Figure 2. 4x4 crossbar-based switching fabrics

#### 2.3. Optical turnarround router

We propose a new router, OTAR, for FONoC (Figure 3). OTAR is a 4x4 optical router using turnaround routing algorithm. It consists of an optical switching fabric, a control unit, and four control interfaces (CI). The switching fabric uses only six microresonators and four waveguides. The control unit uses electrical signals to configure the switching fabric according to the routing requirement of each packet. The control interfaces inject and eject control packets to and from optical waveguides.
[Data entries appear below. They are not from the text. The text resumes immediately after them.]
(* Let $X$ be a finite two-wide poset and let $w,y\in X$ with $w<y$ and $w\not\prec y$. Then there exist elements $x,\tilde x\in X$ with $x\neq\tilde x$, $w\prec x<y$ and $w\prec\tilde x<y$.
   Context: In a poset, write $a\prec b$ if $a<b$ and there is no $c$ with $a<c<b$. A poset $X$ is two-wide if for any $x,z,y\in X$ with $x\prec z\prec y$ there exists $z'\in X$, $z'\neq z$, with $x\prec z'\prec y$. *)

From HB Require Import structures.
From mathcomp Require Import all_boot all_order.
Set Implicit Arguments. Unset Strict Implicit. Unset Printing Implicit Defensive.
Import Order.Theory.
Local Open Scope order_scope.

Definition covers (d : Order.disp_t) (X : porderType d) (a b : X) : Prop :=
  a < b /\ ~ (exists c : X, a < c /\ c < b).

Definition two_wide (d : Order.disp_t) (X : porderType d) : Prop :=
  forall x z y : X, covers x z -> covers z y ->
    exists z' : X, z' <> z /\ covers x z' /\ covers z' y.

From HB Require Import structures.
From mathcomp Require Import all_boot all_order.
Import Order.Theory.
Local Open Scope order_scope.

(* Since w < y is not a cover, some c lies strictly between them, and finiteness
   gives a cover w ⋖ x with x <= c < y, then a cover x ⋖ z with z <= y.  Two-wideness
   applied to the chain w ⋖ x ⋖ z supplies a second cover w ⋖ x' ⋖ z, and x' < z <= y. *)

Section FiniteCovers.

Context {d : Order.disp_t} {X : finPOrderType d}.
Implicit Types a b c : X.

Lemma between_of_not_covers {a b} :
  a < b -> ~ covers a b -> exists2 c, a < c & c < b.
Proof.
move=> ab ncov; case: (boolP [exists c, a < c < b]).
  by case/existsP=> c /andP[ac cb]; exists c.
move/existsPn=> none; case: ncov; split=> // -[c [ac cb]].
by move: (none c); rewrite ac cb.
Qed.

Lemma exists_covers_le {a b} : a < b -> exists2 c, covers a c & c <= b.
Proof.
have [n] := ubnP #|[pred c | a < c < b]|; elim: n b => // n IH b.
rewrite ltnS => card_ab ab.
case: (boolP [exists c, a < c < b]); last first.
  move/existsPn=> none; exists b => //; split=> // -[c [ac cb]].
  by move: (none c); rewrite ac cb.
case/existsP=> c /andP[ac cb].
have sub_ac : [pred e | a < e < c] \proper [pred e | a < e < b].
  apply/properP; split.
    apply/subsetP=> e; rewrite !inE => /andP[ae ec].
    by rewrite ae (lt_trans ec cb).
  by exists c; rewrite !inE ?ltxx ?andbF // ac cb.
have [c' cov c'c] := IH c (leq_trans (proper_card sub_ac) card_ab) ac.
by exists c' => //; rewrite (le_trans c'c) ?ltW.
Qed.

End FiniteCovers.

Theorem mainTheorem4 (d : Order.disp_t) (X : finPOrderType d) :
  two_wide X ->
  forall w y : X, w < y -> ~ covers w y ->
  exists x xt : X, x <> xt /\ covers w x /\ x < y /\ covers w xt /\ xt < y.
Proof.
move=> tw w y wy ncov.
have [c wc cy] := between_of_not_covers wy ncov.
have [x wx xc] := exists_covers_le wc.
have xy : x < y := le_lt_trans xc cy.
have [z xz zy] := exists_covers_le xy.
have [x' [x'x [wx' x'z]]] := tw w x z wx xz.
exists x, x'; do !split => //; first exact: nesym.
exact: lt_le_trans x'z.1 zy.
Qed.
The OTAR router has four bidirectional ports, which called UP right, UP left, DOWN right, and DOWN left respectively. OTAR has a low-power feature. It can passively route packets which travel on the same side. Packets, travelling between UP left and DOWN left as well as between UP right and DOWN right, do not require to power on any microresonator. These account for 40% of all cases. The four ports are aligned to their intended directions, and the input and output of each port is also properly aligned. The microresonators in OTAR are identical, and have the same onstate and off-state resonance wavelengths,  $\lambda_{on}$  and  $\lambda_{off}$ . OTAR

uses the wavelength  $\lambda_{on}$  to transmit the payload packets which carry payload data, and  $\lambda_{off}$  to transmit control packets which carry network control data.
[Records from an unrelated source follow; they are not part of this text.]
(* Put x := 1^T A 1 / n^2 and y := z^T A z / n^2.  Since sum_i z_i = 0, a
   direct computation gives cos(M, Z)^2 = y^2 / (x - x^2), and gamma^2 is the
   same expression evaluated at the means pbar = (pin + pout) / 2 of x and
   q = (pin - pout) / 2 of y.  Both n^2 (x - pbar) and n^2 (y - q) are linear
   forms in the independent centred entries a_ij - p_ij (i <= j) with
   coefficients of absolute value at most 2, so their variances are O(n^2).
   By Chebyshev, x and y stay within a fixed distance r of their means with
   probability 1 - O(1/n^2), and for r small enough in terms of eps this
   forces y^2 / (x - x^2) >= gamma^2 - eps. *)

Local Notation edge n := ('I_n * 'I_n)%type.

Definition upper {n : nat} (e : edge n) : bool := (e.1 <= e.2)%N.

Definition pair_mult (R : pzRingType) {n : nat} (e : edge n) : R :=
  if e.1 == e.2 then 1 else 2.

Lemma sum_symmetric_upper (R : pzRingType) (n : nat) (f : 'I_n -> 'I_n -> R) :
  (forall i j, f i j = f j i) ->
  \sum_i \sum_j f i j = \sum_(e : edge n | upper e) pair_mult R e * f e.1 e.2.
Proof.
move=> f_sym; rewrite pair_big /= (bigID upper) /=.
have -> : \sum_(e : edge n | ~~ upper e) f e.1 e.2
        = \sum_(e : edge n | (e.1 < e.2)%N) f e.1 e.2.
  rewrite (reindex (fun e : edge n => (e.2, e.1))) /=; last first.
    by exists (fun e : edge n => (e.2, e.1)) => -[].
  by apply: eq_big => e; [rewrite /upper -ltnNge | rewrite f_sym].
rewrite [X in X + _]big_mkcond [X in _ + X]big_mkcond [RHS]big_mkcond -big_split.
apply: eq_bigr => -[i j] _; rewrite /upper /pair_mult /=.
case: (ltngtP i j) => [ltij | ltji | /val_inj->]; rewrite ?eqxx ?mul1r ?addr0 //.
by rewrite -val_eqE (ltn_eqF ltij) mulr2n mulrDl mul1r.
Qed.

(* A symmetric boolean matrix is determined by its entries on and above the
   diagonal, so summing a product over those entries factorizes. *)
Lemma sum_symmetric_prod (R : comPzRingType) (n : nat) (F : 'I_n -> 'I_n -> bool -> R) :
  \sum_(A : 'M[bool]_n | A^T == A) \prod_(e : edge n | upper e) F e.1 e.2 (A e.1 e.2)
  = \prod_(e : edge n | upper e) (F e.1 e.2 true + F e.1 e.2 false).
Proof.
pose sym_of (f : {ffun edge n -> bool}) : 'M[bool]_n :=
  \matrix_(i, j) (if (i <= j)%N then f (i, j) else f (j, i)).
pose upper_part (A : 'M[bool]_n) : {ffun edge n -> bool} :=
  [ffun e => if upper e then A e.1 e.2 else false].
pose Q (e : edge n) : pred bool := if upper e then predT else pred1 false.
pose F' (e : edge n) (b : bool) := if upper e then F e.1 e.2 b else 1.
have -> : \prod_(e : edge n | upper e) (F e.1 e.2 true + F e.1 e.2 false)
        = \prod_(e : edge n) \sum_(b | Q e b) F' e b.
  rewrite [RHS](bigID upper) /= [X in _ * X]big1 ?mulr1; last first.
    by move=> e /negbTE up_e; rewrite /Q /F' up_e big_pred1_eq.
  by apply: eq_bigr => e up_e; rewrite /Q /F' up_e big_bool /= addrC.
rewrite bigA_distr_big_dep (reindex_onto sym_of upper_part); last first.
  move=> A /eqP symA; apply/matrixP => i j; rewrite !mxE !ffunE /upper /=.
  case: (leqP i j) => // ltji; rewrite -[in RHS]symA mxE.
  by rewrite ifT // ltnW.
apply: eq_big => [f|f _].
  apply/idP/idP => [/andP[_ /eqP <-]|/familyP Qf].
    by apply/familyP => e; rewrite /Q ffunE; case: (upper e).
  apply/andP; split.
    by apply/eqP/matrixP => i j; rewrite !mxE; case: (ltngtP i j) => // /val_inj->.
  apply/eqP/ffunP => -[i j]; rewrite !ffunE /upper /=.
  case: (leqP i j) => [leij|ltji]; first by rewrite mxE leij.
  by have := Qf (i, j); rewrite /Q /upper /= leqNgt ltji inE => /eqP.
rewrite [RHS](bigID upper) /= [X in _ * X]big1 ?mulr1; last first.
  by move=> e /negbTE up_e; rewrite /F' up_e.
by apply: eq_bigr => -[i j] up_e; rewrite /F' up_e mxE; move: up_e; rewrite /upper /= => ->.
Qed.

Section BernoulliMatrix.
Variables (R : realDomainType) (n : nat) (p : 'I_n -> 'I_n -> R).
Hypothesis p01 : forall i j, 0 <= p i j <= 1.

Definition bern_weight (A : 'M[bool]_n) : R :=
  \prod_(i < n) \prod_(j < n | (i <= j)%N) (if A i j then p i j else 1 - p i j).

Definition bern_prob (E : pred 'M[bool]_n) : R :=
  \sum_(A : 'M[bool]_n | (A^T == A) && E A) bern_weight A.

Definition expect (X : 'M[bool]_n -> R) : R :=
  \sum_(A : 'M[bool]_n | A^T == A) bern_weight A * X A.

Definition centered (e : edge n) (A : 'M[bool]_n) : R :=
  (A e.1 e.2 : nat)%:R - p e.1 e.2.

Lemma bern_weightE A : bern_weight A =
  \prod_(e : edge n | upper e) (if A e.1 e.2 then p e.1 e.2 else 1 - p e.1 e.2).
Proof. by rewrite /bern_weight pair_big_dep. Qed.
Figure 3. Optical turnaround router

The switching fabric implements a 4x4 switching function for the four bidirectional ports. It is designed to minimize waveguide crossings. U-turn function is not implemented because the routing algorithm does not use it. Two unnecessary turn are also eliminated since payload packets will not make turns when they flow down the fat tree in turnaround routing. OTAR router is strictly non-blocking while using turnaround routing algorithm. This can be proved by enumerate all cases. The non-blocking property can help to increase the network throughput.

The control unit processes the control packets and configures the optical switching fabric. Control packets are used to setup and maintain optical paths for payload packets, and are processed in the electronic domain. The control unit is built from CMOS transistors and uses electrical signals to power on and off each microresonator according to the routing requirement of each packet. It uses an optimized routing algorithm, which we will describe in the next section. Each port of OTAR has a control interface. The control interface includes two parallel switching elements, an optical-electronic converter (OE), and an electronic-optical converter (EO). The parallel switching elements minimize the optical loss. The OE converts optical control packets into electronic signals, and EO does the reverse conversion. The microresonators in the control interface are always in the off-state and identical to those in the optical switching fabric. Their off-state resonance wavelength  $\lambda_{\text{off}}$  is used to transmit control packets.

## 3. Fat Tree-based Optical NoC

We propose a new optical NoC, FONoC (fat tree-based optical NoC), for MPSoC including its topology, floorplan, and protocols. Different from other optical NoCs, FONoC transmits both payload packets and control packets on the same optical network. This saves the cost for building a separate electronic NoC for control packets. The hierarchical network topology of FONoC makes it possible to connect the FONoCs of multiple MPSoCs and other chips, such as off-chip memories, into an inter-chip optical network and form a more powerful multiprocessor system.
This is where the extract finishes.